[AVAILABLE RECORDS Boundary: Start]

(* Let $\mathcal{C}$ be the MILP consisting of constraints (C1)–(C6) below for a binary tree ensemble $\mathcal{E}$, a set $F\subseteq\mathcal{F}$ of sensitive features and a gap $g$. Then the set of feasible solutions of $\mathcal{C}$ equals the set of feasible solutions of the MILP obtained by adding to $\mathcal{C}$ the constraints (UnAff) $l^{(1)}_n = l^{(2)}_n$ for every unaffected leaf $n\in\mathcal{U}$, and (Aff-bin) $\sum_{n\in\mathcal{A}\setminus\mathcal{U}}\left(l^{(1)}_n\, n.val - l^{(2)}_n\, n.val\right)\ge 2\delta$.
   Context: A decision tree is either a leaf $n$ with real value $n.val$ or an internal node with guard $X_f<\tau$ (feature $f$, constant $\tau$) and children $n.yes$ (taken when $x_f<\tau$) and $n.no$. A binary tree ensemble $\mathcal{E}$ is a finite set of such trees over feature set $\mathcal{F}$. For each feature $f$, let $\tau_{f1}<\tau_{f2}<\dots<\tau_{fK_f}$ be the distinct thresholds of guards on $f$ in the ensemble. Let $\mathcal{A}$ be the set of all leaves of all trees. For each internal node $n$, $TSet(n)$ is the set of leaves of the subtree rooted at $n.yes$ and $FSet(n)$ those of the subtree rooted at $n.no$. Let $g$ with $0\le g<0.5$ and $\delta=\mathrm{Sigmoid}^{-1}(0.5+g)$, where $\mathrm{Sigmoid}(z)=1/(1+e^{-z})$. Variables: for each copy $c\in\{1,2\}$, binary variables $p^{(c)}_{fk}\in\{0,1\}$ for every feature $f$ and $k\in\{1,\dots,K_f\}$ (intended meaning: $X_f<\tau_{fk}$), and continuous variables $0\le l^{(c)}_n\le 1$ for every leaf $n\in\mathcal{A}$ (intended meaning: leaf $n$ is reached). Constraints of $\mathcal{C}$ (for each $c\in\{1,2\}$ where applicable): (C1) $p^{(c)}_{f1}\le p^{(c)}_{f2}\le\dots\le p^{(c)}_{fK_f}$ for each feature $f$; (C2) for each tree, the sum of $l^{(c)}_n$ over its leaves equals $1$; (C3) for each root node with guard $X_f<\tau_{fk}$: $1-\sum_{n\in FSet}l^{(c)}_n = p^{(c)}_{fk}=\sum_{n\in TSet}l^{(c)}_n$; (C4) for each non-root internal node with guard $X_f<\tau_{fk}$: $1-\sum_{n\in FSet}l^{(c)}_n \ge p^{(c)}_{fk}\ge\sum_{n\in TSet}l^{(c)}_n$; (C5) $p^{(1)}_{fk}=p^{(2)}_{fk}$ for every feature $f\notin F$ and every $k$; (C6) $\sum_{n\in\mathcal{A}}l^{(1)}_n\, n.val\ge\delta$ and $\sum_{n\in\mathcal{A}}l^{(2)}_n\, n.val\le-\delta$. A leaf is unaffected if no guard on the path from its tree's root to it involves a feature of $F$; $\mathcal{U}$ denotes the set of unaffected leaves. *)

From Stdlib Require Import Reals List Lra.
Import ListNotations.
Open Scope R_scope.

(** Decision trees: a leaf with a real value, or an internal node with guard
    X_f < tau and children yes (taken when x_f < tau) and no. *)
Inductive tree : Type :=
| Leaf (val : R)
| Node (f : nat) (tau : R) (yes no : tree).

Definition ensemble := list tree.

(** Leaves of a tree, identified by their path from the root
    (true = yes-branch, false = no-branch), with their value and the list
    of features of the guards on the path from the root to them. *)
Fixpoint leaves (t : tree) : list (list bool * (R * list nat)) :=
  match t with
  | Leaf v => [([], (v, []))]
  | Node f _ y n =>
      map (fun x => (true :: fst x, (fst (snd x), f :: snd (snd x)))) (leaves y)
      ++ map (fun x => (false :: fst x, (fst (snd x), f :: snd (snd x)))) (leaves n)
  end.

Fixpoint nodes (t : tree) : list (list bool * (nat * R * tree * tree)) :=
  match t with
  | Leaf _ => []
  | Node f tau y n =>
      ([], (f, tau, y, n))
      :: map (fun x => (true :: fst x, snd x)) (nodes y)
      ++ map (fun x => (false :: fst x, snd x)) (nodes n)
  end.

Definition lsum (xs : list R) : R := fold_right Rplus 0 xs.

Definition is_thr (E : ensemble) (f : nat) (tau : R) : Prop :=
  exists i t q y n, nth_error E i = Some t /\ In (q, (f, tau, y, n)) (nodes t).

(** A candidate assignment of the MILP variables (both copies).
    p c f tau : the binary variable p^(c)_{fk} where tau = tau_{fk};
    l c i q   : the leaf variable of the leaf at path q of tree number i. *)
Record assignment := {
  p1 : nat -> R -> R;  p2 : nat -> R -> R;
  l1 : nat -> list bool -> R;  l2 : nat -> list bool -> R }.

Definition sumsub (l : nat -> list bool -> R) (i : nat) (q : list bool) (s : tree) : R :=
  lsum (map (fun x => l i (q ++ fst x)) (leaves s)).

Definition ens_sum (E : ensemble) (h : nat -> list bool -> R -> list nat -> R) : R :=
  lsum (map (fun i => match nth_error E i with
                      | Some t => lsum (map (fun x => h i (fst x) (fst (snd x)) (snd (snd x))) (leaves t))
                      | None => 0 end) (seq 0 (length E))).

Definition Sigmoid (z : R) : R := 1 / (1 + exp (- z)).
Definition Sigmoid_inv (y : R) : R := ln (y / (1 - y)).
Definition delta (g : R) : R := Sigmoid_inv (1/2 + g).

Definition copy_constraints (E : ensemble) (p : nat -> R -> R) (l : nat -> list bool -> R) : Prop :=
  (forall f tau, is_thr E f tau -> p f tau = 0 \/ p f tau = 1) /\
  (forall i t, nth_error E i = Some t -> forall x, In x (leaves t) ->
       0 <= l i (fst x) <= 1) /\
  (* (C1) *)
  (forall f tau tau', is_thr E f tau -> is_thr E f tau' -> tau < tau' ->
       p f tau <= p f tau') /\
  (* (C2) *)
  (forall i t, nth_error E i = Some t -> sumsub l i [] t = 1) /\
  (* (C3) root nodes *)
  (forall i t f tau y n, nth_error E i = Some t -> t = Node f tau y n ->
       1 - sumsub l i [false] n = p f tau /\ p f tau = sumsub l i [true] y) /\
  (* (C4) non-root internal nodes *)
  (forall i t q f tau y n, nth_error E i = Some t -> In (q, (f, tau, y, n)) (nodes t) ->
       q <> [] ->
       1 - sumsub l i (q ++ [false]) n >= p f tau /\
       p f tau >= sumsub l i (q ++ [true]) y).

Definition feasible_C (E : ensemble) (F : list nat) (g : R) (s : assignment) : Prop :=
  copy_constraints E (p1 s) (l1 s) /\
  copy_constraints E (p2 s) (l2 s) /\
  (* (C5) *)
  (forall f tau, ~ In f F -> is_thr E f tau -> p1 s f tau = p2 s f tau) /\
  (* (C6) *)
  ens_sum E (fun i q v _ => l1 s i q * v) >= delta g /\
  ens_sum E (fun i q v _ => l2 s i q * v) <= - delta g.

(** A leaf is affected iff some guard on its path uses a feature of F. *)
Definition affectedb (F : list nat) (fs : list nat) : bool :=
  existsb (fun f => existsb (Nat.eqb f) F) fs.

Definition UnAff (E : ensemble) (F : list nat) (s : assignment) : Prop :=
  forall i t, nth_error E i = Some t -> forall x, In x (leaves t) ->
    (forall f, In f (snd (snd x)) -> ~ In f F) ->
    l1 s i (fst x) = l2 s i (fst x).

Definition AffBin (E : ensemble) (F : list nat) (g : R) (s : assignment) : Prop :=
  ens_sum E (fun i q v fs => if affectedb F fs then l1 s i q * v - l2 s i q * v else 0)
    >= 2 * delta g.

(** Because the p-variables are binary, each copy's leaf variables are forced:
    descending a tree from its root, the mass 1 given by (C2) is sent entirely
    into the yes- or the no-subtree according to p at the guard ((C3)/(C4) and
    l >= 0), so l_n is the product along n's path of p or 1 - p.  On the path
    of an unaffected leaf only non-sensitive features occur, where the two
    copies agree by (C5); hence (UnAff).  The unaffected leaves then cancel in
    the difference of the two sides of (C6), which is at least 2 delta; hence
    (Aff-bin). *)

From Stdlib Require Import Reals List Lra.
Import ListNotations.
Open Scope R_scope.

Lemma lsum_app (xs ys : list R) : lsum (xs ++ ys) = lsum xs + lsum ys.
Proof. induction xs as [|x xs IH]; simpl; [ring | rewrite IH; ring]. Qed.

Lemma lsum_map_ext {A} (f g : A -> R) (xs : list A) :
  (forall x, In x xs -> f x = g x) -> lsum (map f xs) = lsum (map g xs).
Proof. intros H; now rewrite (map_ext_in f g xs H). Qed.

Lemma lsum_map_sub {A} (f g : A -> R) (xs : list A) :
  lsum (map (fun x => f x - g x) xs) = lsum (map f xs) - lsum (map g xs).
Proof. induction xs as [|x xs IH]; simpl; [ring | rewrite IH; ring]. Qed.

Lemma lsum_map_nonneg {A} (f : A -> R) (xs : list A) :
  (forall x, In x xs -> 0 <= f x) -> 0 <= lsum (map f xs).
Proof.
  induction xs as [|x xs IH]; simpl; intros H; [lra|].
  assert (0 <= f x) by auto. assert (0 <= lsum (map f xs)) by auto. lra.
Qed.

Lemma in_leaves_Node f tau y n x :
  In x (leaves (Node f tau y n)) ->
  exists (b : bool) (z : list bool * (R * list nat)),
    In z (leaves (if b then y else n)) /\ x = (b :: fst z, (fst (snd z), f :: snd (snd z))).
Proof.
  simpl; rewrite in_app_iff, !in_map_iff.
  intros [[z [<- Hz]] | [z [<- Hz]]]; [exists true | exists false]; eauto.
Qed.

Lemma in_leaves_branch f tau y n (b : bool) (z : list bool * (R * list nat)) :
  In z (leaves (if b then y else n)) ->
  In (b :: fst z, (fst (snd z), f :: snd (snd z))) (leaves (Node f tau y n)).
Proof. intros Hz; destruct b; simpl; rewrite in_app_iff, !in_map_iff; eauto. Qed.

Lemma in_nodes_branch f tau y n (b : bool) (r : list bool) (d : nat * R * tree * tree) :
  In (r, d) (nodes (if b then y else n)) -> In (b :: r, d) (nodes (Node f tau y n)).
Proof.
  intros Hr; destruct b; simpl; right; rewrite in_app_iff, !in_map_iff;
    [left | right]; now exists (r, d).
Qed.

Lemma in_nodes_root t f tau y n : In ([], (f, tau, y, n)) (nodes t) -> t = Node f tau y n.
Proof.
  destruct t; simpl; [tauto|]. intros [H | H]; [now inversion H|].
  rewrite in_app_iff, !in_map_iff in H.
  destruct H as [[z [H _]] | [z [H _]]]; discriminate.
Qed.

Lemma sumsub_Node l i q f tau y n :
  sumsub l i q (Node f tau y n) = sumsub l i (q ++ [true]) y + sumsub l i (q ++ [false]) n.
Proof.
  unfold sumsub; simpl. rewrite map_app, lsum_app, !map_map; simpl.
  f_equal; apply lsum_map_ext; intros; now rewrite <- app_assoc.
Qed.

Fixpoint path_weight (p : nat -> R -> R) (s : tree) (r : list bool) : R :=
  match s, r with
  | Node f tau y n, b :: r' =>
      (if b then p f tau else 1 - p f tau) * path_weight p (if b then y else n) r'
  | _, _ => 1
  end.

Definition guards_consistent (p : nat -> R -> R) (l : nat -> list bool -> R)
    (i : nat) (q : list bool) (s : tree) : Prop :=
  forall r f tau y n, In (r, (f, tau, y, n)) (nodes s) ->
    (p f tau = 0 \/ p f tau = 1) /\
    1 - sumsub l i (q ++ r ++ [false]) n >= p f tau /\
    p f tau >= sumsub l i (q ++ r ++ [true]) y.

Lemma guards_consistent_branch p l i q f tau y n b :
  guards_consistent p l i q (Node f tau y n) ->
  guards_consistent p l i (q ++ [b]) (if b then y else n).
Proof.
  intros H r f' tau' y' n' Hin. rewrite <- !app_assoc.
  exact (H (b :: r) f' tau' y' n' (in_nodes_branch f tau y n b r _ Hin)).
Qed.

Lemma binary_guard_split (pv a b : R) :
  pv = 0 \/ pv = 1 -> 0 <= a -> 0 <= b -> 1 - b >= pv -> pv >= a ->
  a = (a + b) * pv /\ b = (a + b) * (1 - pv).
Proof. intros [-> | ->] ? ? ? ?; split; lra. Qed.

Lemma leaf_eq_path_weight p l i : forall s q,
  guards_consistent p l i q s ->
  (forall x, In x (leaves s) -> 0 <= l i (q ++ fst x)) ->
  forall x, In x (leaves s) -> l i (q ++ fst x) = sumsub l i q s * path_weight p s (fst x).
Proof.
  induction s as [v | f tau y IHy n IHn]; intros q Hg Hl x Hx.
  - destruct Hx as [<- | []]. unfold sumsub; simpl. ring.
  - assert (Hl_branch : forall (b : bool) z, In z (leaves (if b then y else n)) ->
                                  0 <= l i ((q ++ [b]) ++ fst z)).
    { intros b z Hz. rewrite <- app_assoc. exact (Hl _ (in_leaves_branch f tau y n b z Hz)). }
    destruct (Hg [] f tau y n) as [Hbin [Hno Hyes]]; [now left|]. simpl in Hno, Hyes.
    assert (Hyes0 : 0 <= sumsub l i (q ++ [true]) y) by exact (lsum_map_nonneg _ _ (Hl_branch true)).
    assert (Hno0 : 0 <= sumsub l i (q ++ [false]) n) by exact (lsum_map_nonneg _ _ (Hl_branch false)).
    destruct (binary_guard_split _ _ _ Hbin Hyes0 Hno0 Hno Hyes) as [Ey En].
    rewrite <- (sumsub_Node l i q f tau y n) in Ey, En.
    destruct (in_leaves_Node f tau y n x Hx) as [b [z [Hz ->]]]; simpl.
    replace (q ++ b :: fst z) with ((q ++ [b]) ++ fst z) by now rewrite <- app_assoc.
    pose proof (guards_consistent_branch p l i q f tau y n b Hg) as Hgb.
    destruct b; [rewrite (IHy _ Hgb (Hl_branch true) z Hz), Ey
                | rewrite (IHn _ Hgb (Hl_branch false) z Hz), En]; ring.
Qed.

Lemma path_weight_agree p1 p2 : forall s x, In x (leaves s) ->
  (forall r f tau y n, In (r, (f, tau, y, n)) (nodes s) -> In f (snd (snd x)) ->
     p1 f tau = p2 f tau) ->
  path_weight p1 s (fst x) = path_weight p2 s (fst x).
Proof.
  induction s as [v | f tau y IHy n IHn]; intros x Hx Hp.
  - now destruct Hx as [<- | []].
  - destruct (in_leaves_Node f tau y n x Hx) as [b [z [Hz ->]]]; simpl.
    rewrite (Hp [] f tau y n (or_introl eq_refl) (or_introl eq_refl)).
    assert (Hp_branch : forall r f' tau' y' n',
              In (r, (f', tau', y', n')) (nodes (if b then y else n)) ->
              In f' (snd (snd z)) -> p1 f' tau' = p2 f' tau').
    { intros r f' tau' y' n' Hin Hf'. apply (Hp (b :: r) f' tau' y' n'); [|now right].
      exact (in_nodes_branch f tau y n b r _ Hin). }
    destruct b; [rewrite (IHy z Hz Hp_branch) | rewrite (IHn z Hz Hp_branch)]; reflexivity.
Qed.

Lemma copy_constraints_leaf E p l i t :
  copy_constraints E p l -> nth_error E i = Some t ->
  forall x, In x (leaves t) -> l i (fst x) = path_weight p t (fst x).
Proof.
  intros [Hbin [Hl [_ [Hsum [Hroot Hinner]]]]] Ht x Hx.
  assert (Hg : guards_consistent p l i [] t).
  { intros r f tau y n Hin. split; [apply Hbin; now exists i, t, r, y, n|].
    destruct r as [|b r].
    - apply in_nodes_root in Hin. destruct (Hroot i t f tau y n Ht Hin). simpl; lra.
    - apply (Hinner i t (b :: r) f tau y n Ht Hin). discriminate. }
  change (l i (fst x)) with (l i ([] ++ fst x)).
  rewrite (leaf_eq_path_weight p l i t [] Hg (fun z Hz => proj1 (Hl i t Ht z Hz)) x Hx).
  rewrite (Hsum i t Ht). ring.
Qed.

Lemma affectedb_false F fs : affectedb F fs = false -> forall f, In f fs -> ~ In f F.
Proof.
  intros H f Hf HF. apply Bool.not_true_iff_false in H. apply H.
  apply existsb_exists. exists f. split; [exact Hf|].
  apply existsb_exists. exists f. split; [exact HF | apply Nat.eqb_refl].
Qed.

Lemma feasible_C_UnAff E F g s : feasible_C E F g s -> UnAff E F s.
Proof.
  intros [C1 [C2 [C5 _]]] i t Ht x Hx Hun.
  rewrite (copy_constraints_leaf E _ _ i t C1 Ht x Hx), (copy_constraints_leaf E _ _ i t C2 Ht x Hx).
  apply path_weight_agree; [exact Hx|].
  intros r f tau y n Hin Hf. apply C5; [exact (Hun f Hf)|]. now exists i, t, r, y, n.
Qed.

Lemma ens_sum_ext E h1 h2 :
  (forall i t, nth_error E i = Some t -> forall x, In x (leaves t) ->
     h1 i (fst x) (fst (snd x)) (snd (snd x)) = h2 i (fst x) (fst (snd x)) (snd (snd x))) ->
  ens_sum E h1 = ens_sum E h2.
Proof.
  intros H. unfold ens_sum. f_equal. apply map_ext. intros i.
  destruct (nth_error E i) eqn:Ht; [|reflexivity].
  apply lsum_map_ext. intros x Hx. eapply H; eauto.
Qed.

Lemma ens_sum_sub E h1 h2 :
  ens_sum E (fun i q v fs => h1 i q v fs - h2 i q v fs) = ens_sum E h1 - ens_sum E h2.
Proof.
  unfold ens_sum. rewrite <- lsum_map_sub. f_equal. apply map_ext. intros i.
  destruct (nth_error E i); [apply lsum_map_sub | ring].
Qed.

Lemma feasible_C_AffBin E F g s : feasible_C E F g s -> UnAff E F s -> AffBin E F g s.
Proof.
  intros (_ & _ & _ & C6a & C6b) UA. unfold AffBin.
  rewrite (ens_sum_ext E _ (fun i q v fs => l1 s i q * v - l2 s i q * v)).
  - rewrite (ens_sum_sub E (fun i q v _ => l1 s i q * v) (fun i q v _ => l2 s i q * v)). lra.
  - intros i t Ht x Hx; simpl.
    destruct (affectedb F (snd (snd x))) eqn:Ha; [reflexivity|].
    rewrite (UA i t Ht x Hx (affectedb_false F _ Ha)). ring.
Qed.

Theorem theorem3 (E : ensemble) (F : list nat) (g : R) :
  0 <= g < 1/2 ->
  forall s : assignment,
    feasible_C E F g s <-> (feasible_C E F g s /\ UnAff E F s /\ AffBin E F g s).
Proof.
  intros _ s. split; [|tauto]. intros Hfeas.
  pose proof (feasible_C_UnAff E F g s Hfeas) as Hun.
  exact (conj Hfeas (conj Hun (feasible_C_AffBin E F g s Hfeas Hun))).
Qed.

[AVAILABLE RECORDS Boundary: End]

● WHAT IS EXPECTED
Print exactly the lines above from the one with "assert (Hno0 : 0" to the one with "In f' (snd (snd", including both.

● SOLUTION
    assert (Hno0 : 0 <= sumsub l i (q ++ [false]) n) by exact (lsum_map_nonneg _ _ (Hl_branch false)).
    destruct (binary_guard_split _ _ _ Hbin Hyes0 Hno0 Hno Hyes) as [Ey En].
    rewrite <- (sumsub_Node l i q f tau y n) in Ey, En.
    destruct (in_leaves_Node f tau y n x Hx) as [b [z [Hz ->]]]; simpl.
    replace (q ++ b :: fst z) with ((q ++ [b]) ++ fst z) by now rewrite <- app_assoc.
    pose proof (guards_consistent_branch p l i q f tau y n b Hg) as Hgb.
    destruct b; [rewrite (IHy _ Hgb (Hl_branch true) z Hz), Ey
                | rewrite (IHn _ Hgb (Hl_branch false) z Hz), En]; ring.
Qed.

Lemma path_weight_agree p1 p2 : forall s x, In x (leaves s) ->
  (forall r f tau y n, In (r, (f, tau, y, n)) (nodes s) -> In f (snd (snd x)) ->
     p1 f tau = p2 f tau) ->
  path_weight p1 s (fst x) = path_weight p2 s (fst x).
Proof.
  induction s as [v | f tau y IHy n IHn]; intros x Hx Hp.
  - now destruct Hx as [<- | []].
  - destruct (in_leaves_Node f tau y n x Hx) as [b [z [Hz ->]]]; simpl.
    rewrite (Hp [] f tau y n (or_introl eq_refl) (or_introl eq_refl)).
    assert (Hp_branch : forall r f' tau' y' n',
              In (r, (f', tau', y', n')) (nodes (if b then y else n)) ->
              In f' (snd (snd z)) -> p1 f' tau' = p2 f' tau').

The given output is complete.